Its Climate Act requires each future government to set out climate policies towards the long-term goal and monitor the results.
Tuula Varis, director general of the Environmental Protection Department, described this as a “breakthrough”.
She told RTCC: “It makes the climate policy planning in the future more systematic and easier to predict the direction we are aiming at.”
Campaigners, who have been calling for a climate law for more than seven years, claimed it as a victory.
“The climate law is a great tool to at least seriously try to avoid the climate catastrophe,” said Leena Kontinen, vice chair of Friends of the Earth Finland, in a statement.
“I hope that other countries also will join us in passing… these strong climate laws that we so desperately need.”
The Greens did not get everything they wanted.

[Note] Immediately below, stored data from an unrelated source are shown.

(* The indicator is orthogonal to V2, which contains Lambda V1, so its image c
   under the adjoint of Lambda is orthogonal to V1 and killed by Lambda; hence
   <c, c> = <ind, Lambda c> = 0. *)
Lemma adjoint_Lambda_ind_eq0 (X : {set 'I_n}) : #|X| = r1 ->
  \sum_(x2 : {set 'I_n}) ind r2 x2 * p.[#|x2 :\: X|%:R] = 0.
Proof.
move=> cX; have [[[V1sub _] _ _] _ _] := HV1; have [[[V2sub V2inv] _ _] _ V2iso] := HV2.
have [_ _ [Lam_V12 Lam_orth] _ _] := HLam.
set c := fun x1 => \sum_(x2 : {set 'I_n}) ind r2 x2 * p.[#|x2 :\: x1|%:R].
have ind_supp x : #|x| != r2 -> ind r2 x = 0 by rewrite /ind => /negbTE ->.
have ind_inv : col_invariant s.+1 (ind r2) by apply: col_invariant_setI; rewrite cZ.
pose c1 x := (#|x| == r1)%:R * c x.
have c1_orth : orth V1 [ffun x => (c1 x)^*].
  apply: orth_conj_ffun => u V1u.
  transitivity (\sum_(x : {set 'I_n} | #|x| == r1) c x * u x).
    rewrite [RHS]big_mkcond /=; apply: eq_bigr => x _.
    by rewrite /c1; case: (_ == r1); rewrite ?mul1r ?mul0r ?mulr0 // mulrC.
  have Lam_u_orth := sum_col_invariant_eq0 V2sub V2inv V2iso ind_inv (Lam_V12 u V1u).
  rewrite sum_mul_Lambda // -[RHS]Lam_u_orth.
  by apply: eq_bigr => x _; rewrite mulrC.
have sum_fzero : \sum_x ind r2 x * fzero C n x = 0 by apply: big1 => x _; rewrite ffunE mulr0.
have := sum_mul_Lambda [ffun x => (c1 x)^*] ind_supp; rewrite Lam_orth // sum_fzero.
under eq_bigr => x cx do rewrite ffunE /c1 cx mul1r.
move/psumr_eq0P => cc0; apply/eqP; rewrite -mul_conjC_eq0 cc0 ?cX //.
by move=> x _; rewrite mul_conjC_ge0.
Qed.

Lemma Lambda_sum_setI_r2 X : #|X| = r1 ->
  \sum_(x : {set 'I_n} | (#|x| == r2) && (x :&: Z == Y)) q.[#|x :&: X|%:R] = 0.
Proof.
move=> cX; rewrite -[RHS](adjoint_Lambda_ind_eq0 cX) big_mkcond /=; apply: eq_bigr => x _.
rewrite /ind; have [cx | _] := eqVneq #|x| r2; last by rewrite mul0r.
by rewrite horner_p_setD //; case: (_ == Y); rewrite ?mul1r ?mul0r.
Qed.

End Indicator.

Lemma horner_Lambda_r2 : p.[r2%:R] * ffact (n - r1)%:R s.+1 = (-1) ^+ s.+1 * ffact r1%:R s.+1.
Proof.
have [_ _ _ _ [_ p0]] := HLam.
have [|X [Z [cX cZ dXZ]]] := @exists_disjoint_cards n r2 s; first lia.
have := horner_relation_of_sums size_q cZ dXZ le_s_r1 le_r1_n
  (fun Y _ => Lambda_sum_setI_r1 Y cZ cX dXZ).
by rewrite cX !horner_q subrr subr0 p0 mul1r => ->; rewrite mulrC.
Qed.

Lemma horner_Lambda_r2_sub_r1 :
  p.[r2%:R - r1%:R] * ((-1) ^+ s.+1 * ffact r2%:R s.+1) = ffact (n - r2)%:R s.+1 * p.[r2%:R].
Proof.
have [|X [Z [cX cZ dXZ]]] := @exists_disjoint_cards n r1 s; first lia.
have := horner_relation_of_sums size_q cZ dXZ le_s_r2 le_r2_n
  (fun Y _ => Lambda_sum_setI_r2 Y cZ cX).
by rewrite cX !horner_q subr0.
Qed.

End Kernel.

Theorem mainTheorem5 (C : numClosedFieldType) (n r1 r2 s : nat)
  (V1 V2 : L2 C n -> Prop) (Lam : L2 C n -> L2 C n) (p : {poly C}) :
  (r1 <= n)%N -> (r2 <= n)%N -> (s <= Nbound n r1 r2)%N ->
  is_L2rs r1 s V1 -> is_L2rs r2 s V2 ->
  is_Lambda r1 r2 s V1 V2 Lam p ->
  p.[r2%:R] = (-1) ^+ s * ffact (r1%:R : C) s / ffact ((n - r1)%:R : C) s /\
  p.[r2%:R - r1%:R] =
    ffact (r1%:R : C) s * ffact ((n - r2)%:R : C) s /
      (ffact ((n - r1)%:R : C) s * ffact (r2%:R : C) s).
Proof.
move=> _ _ le_sN HV1 HV2 HLam; have [_ _ _ _ [size_p p0]] := HLam.
case: s le_sN HV1 HV2 HLam size_p => [|s] le_sN HV1 HV2 HLam size_p.
  have pC : p = 1 by rewrite [p]size1_polyC ?size_p // -horner_coef0 p0.
  by rewrite pC !hornerC /ffact !big_ord0 expr0 !mulr1 divr1.
move: le_sN; rewrite /Nbound !leq_min => /andP[/andP[le_s_r1 ?] /andP[le_s_r2 ?]].
have le_r1_n : (r1 + s.+1 <= n)%N by lia.
have le_r2_n : (r2 + s.+1 <= n)%N by lia.
have at_r2 := horner_Lambda_r2 le_s_r1 le_r1_n le_s_r2 le_r2_n HV1 HLam.
have at_r2_r1 := horner_Lambda_r2_sub_r1 le_s_r1 le_r1_n le_s_r2 le_r2_n HV1 HV2 HLam.
have nz_sign : (-1) ^+ s.+1 != 0 :> C by rewrite signr_eq0.
have nz_nr1 : ffact ((n - r1)%:R : C) s.+1 != 0 by apply: ffact_natr_neq0; lia.
have nz_r2 : ffact (r2%:R : C) s.+1 != 0 by apply: ffact_natr_neq0.
have p_r2 : p.[r2%:R] = (-1) ^+ s.+1 * ffact r1%:R s.+1 / ffact (n - r1)%:R s.+1.
  by rewrite -at_r2 mulfK.
split=> //; apply: (mulIf (mulf_neq0 nz_sign nz_r2)); rewrite at_r2_r1 p_r2.
by field; rewrite nz_r2 nz_nr1.
Qed.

After pushback from industry, they settled for an 80% emissions target, the least ambitious end of the EU range.
Finland also stopped short of setting “carbon budgets” for the medium term, as the UK did in its Climate Act.
Tuuli Hietaniemi, climate policy expert at advocacy group Kepa, told RTCC: “The long term target we think is too far away.
“Carbon budgets would make it more concrete in a sense and easier to follow whether we were delivering on the promises made.”
“But we think this is the first step and there is room to improve.”
A quarter of Finland’s electricity is sourced from hydropower, with a third from nuclear.